Google have made one of the most significant changes to permissible use of AMAPI in the last few years, imposing new limits for the number of devices permitted to enrol without validating a solution for commercial availability (that being applying for the EMM community & validating up to a minimum of Standard solution set support).
The reasoning hasn't been provided, but my own experience of receiving requests for support and/or consultancy on an almost-weekly basis for projects that go entirely against permissible use (financing/leasing tools, internal EMM projects, etc) tells me this has been a wide-spread and troubling issue for the AMAPI team for quite a long time.
As ever, it is the actions of the few that spoil it for the rest of us.
Google's Permissible Usage page has updated from no explicit maximum number of devices per project (it was a soft 1000 prior, referenced below) to now topping out at 500 devices.
Before | After |
---|---|
No mention | Default quota of 500 registered devices for each project. |
In addition, the Android Enterprise features list (requirements) has additionally been updated from the prior 1000 devices to reflect the updated quota:
Before | After |
---|---|
If you intend to manage more than 1000 devices, your EMM solution must support all the standard features (star) of at least one solution set before it can be made commercially available. | If you intend to manage more than 500 devices, your EMM solution must support all the standard features (star) of at least one solution set before it can be made commercially available. |
The prior 1000-limit was written, but not actively (automatically) enforced, allowing project owners to break this barrier without much in the way of immediate repercussions; of course any considerable use of the API would catch Google's attention eventually.
So what's different now?
The AMAPI API now enforces this quota, which wasn't the case before. The addition of two new events returned to project administrators via a UsageLogEvent
, which is a collection of various events logged on devices from the use of ADB to power on/off, external media mounting, and so on, suggest the API itself has the limits baked right in:
"MAX_DEVICES_REGISTRATION_QUOTA_WARNING",
"MAX_DEVICES_REGISTRATION_QUOTA_EXHAUSTED"
No room for interpretation here. The API offers two states: a near-quota warning (the number which triggers this not published at time of writing), and a quota-reached state, presumably at which point further enrolments will either be wiped, or disabled (..and wiped after 5 minutes, which is standard behaviour for disabled devices on enrolment without a valid policy applied today). That's speculation until it's appropriately documented, though, since currently it is not documented under the EventType docs.
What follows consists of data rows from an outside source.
(* Assume the following about $\phi^{\mathrm{AI}}(K;0)=h^{\mathrm{AI}}(K;0)/K$: it is continuous on $(0,\infty)$; $\phi^{\mathrm{AI}}(K;0)<\lambda$ for all sufficiently small $K>0$; there is $\hat K>0$ with $\phi^{\mathrm{AI}}(\hat K;0)>\lambda$; and $\phi^{\mathrm{AI}}(K;0)<\lambda$ for all sufficiently large $K$ (these hold under the hypotheses $C(0)>\beta\Delta+u$, existence of such $\hat K$, $\lim_{K\to\infty}w^{\mathrm{AI}}(\underline\alpha,K;\pi)=\infty$, and continuity of $\phi^{\mathrm{AI}}(\cdot;0)$). Let $K_U^{\mathrm{AI}}>0$ be the smallest positive $K$ with $\phi^{\mathrm{AI}}(K;0)=\lambda$ (the unstable threshold steady state). Suppose $a_H^{\mathrm{AI}}(K)$ is continuous on $(0,\infty)$, strictly positive for all $K>0$, and that $a_H^{\mathrm{AI}}(K)/K$ is bounded below by a positive constant for all sufficiently small $K>0$. Then: (i) for every $\eta>0$, $\phi^{\mathrm{AI}}(K;\eta)>\phi^{\mathrm{AI}}(K;0)$ for all $K>0$; (ii) the number $$\bar\eta=\sup_{K\in(0,K_U^{\mathrm{AI}}]}\frac{[\lambda-\phi^{\mathrm{AI}}(K;0)]_+}{\Delta(1-\pi)\,a_H^{\mathrm{AI}}(K)/K}$$ satisfies $\bar\eta>0$ and, for all $\eta>\bar\eta$, $\phi^{\mathrm{AI}}(K;\eta)>\lambda$ for all $K\in(0,K_U^{\mathrm{AI}}]$ (the low-archive basin is eliminated); in particular if $\bar\eta\le1$ this is achieved by some $\eta\in[0,1]$, while if $\bar\eta>1$ then even $\eta=1$ does not achieve it; (iii) $\bar\eta$ is weakly decreasing under pointwise increases of $a_H^{\mathrm{AI}}(K)/K$ on $(0,K_U^{\mathrm{AI}}]$.
   Context: Model: archive stock $K\ge0$ depreciating at rate $\lambda\in(0,1)$; routine-task share $\pi\in(0,1)$; knowledge increment $\Delta>0$; parameters $\beta,u\ge0$; cost shifter $C(K)$; outside option $w^{\mathrm{AI}}(\alpha,K;\pi)$ with lowest ability $\underline\alpha$. In the AI environment, for each $K$ the period equilibrium gives a posted flow of knowledge-enhancing queries $q_H^{\mathrm{AI}}(K)\ge0$, resolution probability $\sigma^{\mathrm{AI}}(K)\in[0,1]$, and private-resolution probability of knowledge-enhancing queries $a_H^{\mathrm{AI}}(K)\in[0,1]$. With conversion rate $\eta\in[0,1]$ (probability that a privately resolved knowledge-enhancing query is publicly logged), knowledge creation is $h^{\mathrm{AI}}(K;\eta)=\Delta(1-\pi)[q_H^{\mathrm{AI}}(K)\sigma^{\mathrm{AI}}(K)+\eta a_H^{\mathrm{AI}}(K)]$ and average creation is $\phi^{\mathrm{AI}}(K;\eta)=h^{\mathrm{AI}}(K;\eta)/K$, so $\phi^{\mathrm{AI}}(K;\eta)=\phi^{\mathrm{AI}}(K;0)+\Delta(1-\pi)\eta\,a_H^{\mathrm{AI}}(K)/K$. $[x]_+=\max\{x,0\}$. *)

From Stdlib Require Import Reals.
From Coquelicot Require Import Coquelicot.
Open Scope R_scope.

Definition phiAI (Delta pi : R) (qH sig aH : R -> R) (eta K : R) : R :=
  Delta * (1 - pi) * (qH K * sig K + eta * aH K) / K.

Definition posp (x : R) : R := Rmax x 0.

Definition etaratio (lam Delta pi : R) (qH sig aH : R -> R) (K : R) : R :=
  posp (lam - phiAI Delta pi qH sig aH 0 K) / (Delta * (1 - pi) * aH K / K).

Definition etabar (lam Delta pi : R) (qH sig aH : R -> R) (KU : R) : Rbar :=
  Lub_Rbar (fun y => exists K, 0 < K <= KU /\ y = etaratio lam Delta pi qH sig aH K).

(* Logging privately resolved queries adds the term [eta * s(K)] to the average creation rate,
   where [s(K) = Delta (1 - pi) aH(K) / K > 0]; this gives (i), and it makes [etaratio K <= e]
   equivalent to [lam <= phi(K; e)] for [e >= 0].  Hence [etabar] is the least [eta] lifting
   [phi(.; eta)] to at least [lam] on all of (0, KU], which gives (ii) and, since a larger [s]
   lowers every ratio, (iii).  The supremum is finite because [s] is bounded below on (0, KU]:
   by hypothesis near 0, and by compactness on the rest of the interval; it is positive because
   [phi(K; 0) < lam] for small [K]. *)

From Stdlib Require Import Reals Lra.
From Coquelicot Require Import Coquelicot.
Open Scope R_scope.

Lemma continuous_pos_bounded_below (f : R -> R) (b c eps : R) :
  0 < b -> 0 < c -> 0 < eps ->
  (forall x, 0 < x <= b -> continuity_pt f x) ->
  (forall x, 0 < x <= b -> 0 < f x) ->
  (forall x, 0 < x < eps -> c <= f x) ->
  exists m, 0 < m /\ forall x, 0 < x <= b -> m <= f x.
Proof.
  intros Hb Hc Heps Hcont Hpos Hnear.
  set (a := Rmin (eps / 2) b).
  assert (Ha : 0 < a <= b) by (split; [apply Rmin_glb_lt | apply Rmin_r]; lra).
  assert (Haeps : a < eps) by (pose proof (Rmin_l (eps / 2) b); unfold a; lra).
  destruct (continuity_ab_min f a b (proj2 Ha)) as [xm [Hmin Hxm]].
  { intros x Hx; apply Hcont; lra. }
  exists (Rmin c (f xm)); split.
  - apply Rmin_glb_lt; [exact Hc | apply Hpos; lra].
  - intros x Hx; destruct (Rlt_or_le x a) as [Hxa | Hax].
    + apply Rle_trans with c; [apply Rmin_l | apply Hnear; lra].
    + apply Rle_trans with (f xm); [apply Rmin_r | apply Hmin; lra].
Qed.

Lemma Lub_Rbar_image_finite (P : R -> Prop) (f : R -> R) (B : R) :
  (exists x, P x) -> (forall x, P x -> f x <= B) ->
  exists l, Lub_Rbar (fun y => exists x, P x /\ y = f x) = Finite l /\
    (forall x, P x -> f x <= l) /\
    (forall e, (forall x, P x -> f x <= e) -> l <= e).
Proof.
  intros [x0 Hx0] HB.
  destruct (Lub_Rbar_correct (fun y => exists x, P x /\ y = f x)) as [Hub Hleast].
  assert (Hx0le := Hub (f x0) (ex_intro _ x0 (conj Hx0 eq_refl))).
  assert (HleB : Rbar_le (Lub_Rbar (fun y => exists x, P x /\ y = f x)) B)
    by (apply Hleast; intros y [x [Hx ->]]; apply HB, Hx).
  destruct (Lub_Rbar _) as [l | |]; try contradiction.
  exists l; repeat split.
  - intros x Hx; exact (Hub (f x) (ex_intro _ x (conj Hx eq_refl))).
  - intros e He; apply (Hleast (Finite e)); intros y [x [Hx ->]]; apply He, Hx.
Qed.

Lemma Lub_Rbar_image_le (P : R -> Prop) (f g : R -> R) :
  (forall x, P x -> f x <= g x) ->
  Rbar_le (Lub_Rbar (fun y => exists x, P x /\ y = f x))
          (Lub_Rbar (fun y => exists x, P x /\ y = g x)).
Proof.
  intros Hfg; apply Lub_Rbar_correct; intros y [x [Hx ->]].
  apply Rbar_le_trans with (Finite (g x)); [exact (Hfg x Hx) |].
  apply Lub_Rbar_correct; exists x; auto.
Qed.

Lemma posp_div_le_iff (x g e : R) :
  0 < g -> 0 <= e -> (posp x / g <= e <-> x <= e * g).
Proof.
  intros Hg He; rewrite Rle_div_l by exact Hg; unfold posp.
  split; [intros H; apply Rle_trans with (Rmax x 0); [apply Rmax_l | exact H]
         | intros H; apply Rmax_lub; [exact H | apply Rmult_le_pos; lra]].
Qed.

Definition phiAI_slope (Delta pi : R) (aH : R -> R) (K : R) : R :=
  Delta * (1 - pi) * aH K / K.

Lemma phiAI_affine (Delta pi : R) (qH sig aH : R -> R) (eta K : R) :
  phiAI Delta pi qH sig aH eta K =
  phiAI Delta pi qH sig aH 0 K + eta * phiAI_slope Delta pi aH K.
Proof. unfold phiAI, phiAI_slope, Rdiv; ring. Qed.

Lemma phiAI0_indep_aH (Delta pi : R) (qH sig aH aH' : R -> R) (K : R) :
  phiAI Delta pi qH sig aH 0 K = phiAI Delta pi qH sig aH' 0 K.
Proof. unfold phiAI, Rdiv; ring. Qed.

Section Threshold.

Variables (lam Delta pi : R) (qH sig aH : R -> R).
Hypotheses (Hlam : 0 <= lam) (HDelta : 0 < Delta) (Hpi : pi < 1)
  (HqH : forall K, 0 < K -> 0 <= qH K) (Hsig : forall K, 0 < K -> 0 <= sig K).

Let phi := phiAI Delta pi qH sig aH.
Let slope := phiAI_slope Delta pi aH.
Let ratio := etaratio lam Delta pi qH sig aH.

Lemma phiAI_slope_pos (K : R) : 0 < K -> 0 < aH K -> 0 < slope K.
Proof.
  intros HK HaK; unfold slope, phiAI_slope, Rdiv.
  repeat apply Rmult_lt_0_compat; try apply Rinv_0_lt_compat; lra.
Qed.

Lemma phiAI0_nonneg (K : R) : 0 < K -> 0 <= phi 0 K.
Proof.
  intros HK; unfold phi, phiAI, Rdiv; rewrite Rmult_0_l, Rplus_0_r.
  apply Rmult_le_pos; [apply Rmult_le_pos | left; apply Rinv_0_lt_compat, HK].
  - apply Rmult_le_pos; lra.
  - apply Rmult_le_pos; [apply HqH | apply Hsig]; exact HK.
Qed.

Lemma phiAI_lt_eta (eta eta' K : R) :
  0 < K -> 0 < aH K -> eta < eta' -> phi eta K < phi eta' K.
Proof.
  intros HK HaK Heta; unfold phi; rewrite (phiAI_affine _ _ _ _ _ eta K), (phiAI_affine _ _ _ _ _ eta' K).
  apply Rplus_lt_compat_l, Rmult_lt_compat_r; [apply phiAI_slope_pos |]; assumption.
Qed.

Lemma etaratio_le_iff (e K : R) :
  0 < K -> 0 < aH K -> 0 <= e -> (ratio K <= e <-> lam <= phi e K).
Proof.
  intros HK HaK He; unfold ratio, etaratio, phi; rewrite (phiAI_affine _ _ _ _ _ e K).
  fold (phiAI_slope Delta pi aH K).
  rewrite posp_div_le_iff by (try apply phiAI_slope_pos; assumption).
  split; intros; lra.
Qed.

Lemma etaratio_pos (K : R) : 0 < K -> 0 < aH K -> phi 0 K < lam -> 0 < ratio K.
Proof.
  intros HK HaK Hlt; unfold ratio, etaratio, Rdiv; fold (phiAI_slope Delta pi aH K).
  apply Rmult_lt_0_compat; [| apply Rinv_0_lt_compat, phiAI_slope_pos; assumption].
  apply Rlt_le_trans with (lam - phi 0 K); [lra | apply Rmax_l].
Qed.

(* [phi(K; lam / s) >= (lam / s) * slope K >= lam]. *)
Lemma etaratio_le_of_slope_ge (s K : R) :
  0 < K -> 0 < aH K -> 0 < s -> s <= slope K -> ratio K <= lam / s.
Proof.
  intros HK HaK Hs HsK.
  apply etaratio_le_iff; try assumption; [apply Rdiv_le_0_compat; lra |].
  unfold phi; rewrite phiAI_affine.
  assert (lam <= lam / s * slope K).
  { apply Rle_trans with (lam / s * s); [right; field; lra |].
    apply Rmult_le_compat_l; [apply Rdiv_le_0_compat|]; lra. }
  pose proof (phiAI0_nonneg K HK); unfold phi, slope in *; lra.
Qed.

Variable KU : R.
Hypotheses (HKU : 0 < KU) (HaHpos : forall K, 0 < K <= KU -> 0 < aH K).

Lemma phiAI_slope_bounded_below :
  (forall K, 0 < K -> continuous aH K) ->
  (exists c eps, 0 < c /\ 0 < eps /\ forall K, 0 < K < eps -> c <= aH K / K) ->
  exists s, 0 < s /\ forall K, 0 < K <= KU -> s <= slope K.
Proof.
  intros Hcont [c [eps [Hc [Heps Hnear]]]].
  destruct (continuous_pos_bounded_below (fun K => aH K / K) KU c eps)
    as [m [Hm Hbound]]; try assumption.
  - intros K HK; change (continuity_pt (aH / id)%F K).
    apply continuity_pt_div; [apply continuity_pt_filterlim, Hcont | apply continuity_pt_id |];
      unfold id; lra.
  - intros K HK; apply Rdiv_lt_0_compat; [apply HaHpos |]; lra.
  - exists (Delta * (1 - pi) * m); split; [repeat apply Rmult_lt_0_compat; lra |].
    intros K HK; unfold slope, phiAI_slope, Rdiv; rewrite (Rmult_assoc (Delta * (1 - pi))).
    apply Rmult_le_compat_l; [apply Rmult_le_pos; lra | apply Hbound, HK].
Qed.

Lemma etabar_least_threshold (s : R) :
  0 < s -> (forall K, 0 < K <= KU -> s <= slope K) ->
  (exists eps, 0 < eps /\ forall K, 0 < K < eps -> phi 0 K < lam) ->
  exists eb, etabar lam Delta pi qH sig aH KU = Finite eb /\ 0 < eb /\
    (forall K, 0 < K <= KU -> lam <= phi eb K) /\
    (forall e, 0 <= e -> (forall K, 0 < K <= KU -> lam <= phi e K) -> eb <= e).
Proof.
  intros Hs Hslope [eps [Heps Hsmall]].
  set (K1 := Rmin eps KU / 2).
  assert (HK1 : 0 < K1 <= KU /\ K1 < eps).
  { pose proof (Rmin_l eps KU); pose proof (Rmin_r eps KU).
    assert (0 < Rmin eps KU) by (apply Rmin_glb_lt; lra); unfold K1; lra. }
  destruct (Lub_Rbar_image_finite (fun K => 0 < K <= KU) ratio (lam / s))
    as [eb [Heb [Hub Hleast]]].
  - exists K1; apply HK1.
  - intros K HK; apply etaratio_le_of_slope_ge; auto; lra.
  - assert (Hpos : 0 < eb).
    { apply Rlt_le_trans with (ratio K1); [| apply Hub, HK1].
      apply etaratio_pos; [| apply HaHpos | apply Hsmall]; lra. }
    exists eb; repeat split; try assumption.
    + intros K HK; apply etaratio_le_iff; [lra | apply HaHpos, HK | lra | apply Hub, HK].
    + intros e He Hlift; apply Hleast; intros K HK.
      apply etaratio_le_iff; [lra | apply HaHpos, HK | | apply Hlift]; assumption.
Qed.

Lemma etabar_antitone (aH' : R -> R) :
  (forall K, 0 < K <= KU -> aH K / K <= aH' K / K) ->
  Rbar_le (etabar lam Delta pi qH sig aH' KU) (etabar lam Delta pi qH sig aH KU).
Proof.
  intros Hle; apply Lub_Rbar_image_le; intros K HK.
  unfold etaratio; rewrite (phiAI0_indep_aH _ _ _ _ aH' aH).
  fold (phiAI_slope Delta pi aH K) (phiAI_slope Delta pi aH' K).
  assert (HsK : 0 < phiAI_slope Delta pi aH K) by (apply phiAI_slope_pos; [lra | apply HaHpos, HK]).
  assert (phiAI_slope Delta pi aH K <= phiAI_slope Delta pi aH' K).
  { unfold phiAI_slope, Rdiv.
    rewrite (Rmult_assoc (Delta * (1 - pi)) (aH K)), (Rmult_assoc (Delta * (1 - pi)) (aH' K)).
    apply Rmult_le_compat_l; [apply Rmult_le_pos; lra | apply Hle, HK]. }
  unfold Rdiv; apply Rmult_le_compat_l; [apply Rmax_r |].
  apply Rinv_le_contravar; assumption.
Qed.

End Threshold.
Theorem proposition4
  (lam pi Delta : R) (qH sig aH : R -> R) (KU : R)
  (Hlam : 0 < lam < 1) (Hpi : 0 < pi < 1) (HDelta : 0 < Delta)
  (HqH : forall K, 0 < K -> 0 <= qH K)
  (Hsig : forall K, 0 < K -> 0 <= sig K <= 1)
  (HaH01 : forall K, 0 < K -> 0 <= aH K <= 1)
  (* assumptions on phi^AI(.;0) *)
  (Hcont : forall K, 0 < K -> continuous (phiAI Delta pi qH sig aH 0) K)
  (Hsmall : exists eps, 0 < eps /\
              forall K, 0 < K < eps -> phiAI Delta pi qH sig aH 0 K < lam)
  (Hhat : exists Khat, 0 < Khat /\ lam < phiAI Delta pi qH sig aH 0 Khat)
  (Hlarge : exists M, forall K, M < K -> phiAI Delta pi qH sig aH 0 K < lam)
  (* KU is the smallest positive K with phi^AI(K;0) = lam *)
  (HKUpos : 0 < KU)
  (HKU : phiAI Delta pi qH sig aH 0 KU = lam)
  (HKUmin : forall K, 0 < K < KU -> phiAI Delta pi qH sig aH 0 K <> lam)
  (* assumptions on aH *)
  (HaHcont : forall K, 0 < K -> continuous aH K)
  (HaHpos : forall K, 0 < K -> 0 < aH K)
  (HaHlow : exists c eps, 0 < c /\ 0 < eps /\
              forall K, 0 < K < eps -> c <= aH K / K) :
  (* (i) *)
  (forall eta, 0 < eta -> forall K, 0 < K ->
     phiAI Delta pi qH sig aH 0 K < phiAI Delta pi qH sig aH eta K)
  /\
  (* (ii) *)
  (exists eb : R,
     etabar lam Delta pi qH sig aH KU = Finite eb /\
     0 < eb /\
     (forall eta, eb < eta -> forall K, 0 < K <= KU ->
        lam < phiAI Delta pi qH sig aH eta K) /\
     (eb < 1 -> exists eta, 0 <= eta <= 1 /\
        forall K, 0 < K <= KU -> lam < phiAI Delta pi qH sig aH eta K) /\
     (1 < eb -> ~ (forall K, 0 < K <= KU -> lam < phiAI Delta pi qH sig aH 1 K)))
  /\
  (* (iii) *)
  (forall aH' : R -> R,
     (forall K, 0 < K <= KU -> aH K / K <= aH' K / K) ->
     Rbar_le (etabar lam Delta pi qH sig aH' KU) (etabar lam Delta pi qH sig aH KU)).
Proof.
  assert (Hsig0 : forall K, 0 < K -> 0 <= sig K) by (intros K HK; apply Hsig, HK).
  assert (HaHKU : forall K, 0 < K <= KU -> 0 < aH K) by (intros K HK; apply HaHpos, HK).
  assert (Hlam0 : 0 <= lam) by lra.
  assert (Hpi1 : pi < 1) by lra.
  destruct (phiAI_slope_bounded_below Delta pi aH HDelta Hpi1 KU HKUpos HaHKU HaHcont HaHlow)
    as [s [Hs Hslope]].
  destruct (etabar_least_threshold lam Delta pi qH sig aH Hlam0 HDelta Hpi1 HqH Hsig0
              KU HKUpos HaHKU s Hs Hslope Hsmall) as [eb [Heb [Heb0 [Hreach Hleast]]]].
  assert (Hbeyond : forall eta, eb < eta -> forall K, 0 < K <= KU ->
            lam < phiAI Delta pi qH sig aH eta K).
  { intros eta Heta K HK; apply Rle_lt_trans with (phiAI Delta pi qH sig aH eb K);
      [apply Hreach, HK | apply phiAI_lt_eta; try apply HaHKU; tauto]. }
  split; [| split].
  - intros eta Heta K HK; apply phiAI_lt_eta; auto.
  - exists eb; repeat split; try assumption.
    + intros Hlt; exists 1; split; [lra | apply Hbeyond, Hlt].
    + intros Hgt Hall.
      assert (eb <= 1) by (apply Hleast; [lra | intros K HK; left; apply Hall, HK]).
      lra.
  - intros aH' Hle; apply etabar_antitone; assumption.
Qed.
Interesting, but probably not overly strange, is using device events to trigger these states. I suppose it is a device registering with AMAPI that triggers the states, and so it works that the device informs the enterprise of quota warnings/limits. I'd have expected it to be pushed as an enterprise attribute though without reading too much more into it. Perhaps it'll make more sense once Google document it.
Despite the addition of these new, actively enforced quotas, it remains possible to request a higher limit on a case by case basis. Google now provide a form to - amongst other things - "respond to a quota limit":
Interesting also is this used to be a Google Cloud process, which suggests to me the Android Enterprise team are foregoing the established Google Cloud processes in favour of a more hands-on - and hopefully personal interaction with project owners.
Project owners today, prospective EMM vendors or scenarios where AMAPI is in use that don't breach permissible usage policies running over 500 devices should at minimum register their AMAPI solution with the EMM partner portal. If you haven't already started seeing quota warnings, you will soon. Obviously if it's not yet feasible to validate up to Standard solution set support, the form (https://goo.gle/android-enterprise-response) may offer a bit of runway.
For everyone else not quite at the point of hitting the limit, make preparations to validate your product with the AMAPI team before that threshold is reached.
Obviously this won't solve the problem of AMAPI being either abused intentionally or used in ways Google doesn't permit. There's little to stop those driven to do so from spinning up multiple projects across multiple accounts in an ever-continuing game of cat and mouse.
It is a deterrent though, an additional overhead to have to manage to make it worth-while, and perhaps that'll make enough of a difference to justify the engineering time (that could have been dedicated to offline system update management or ephemeral user support, just sayin' 😁) to implement this.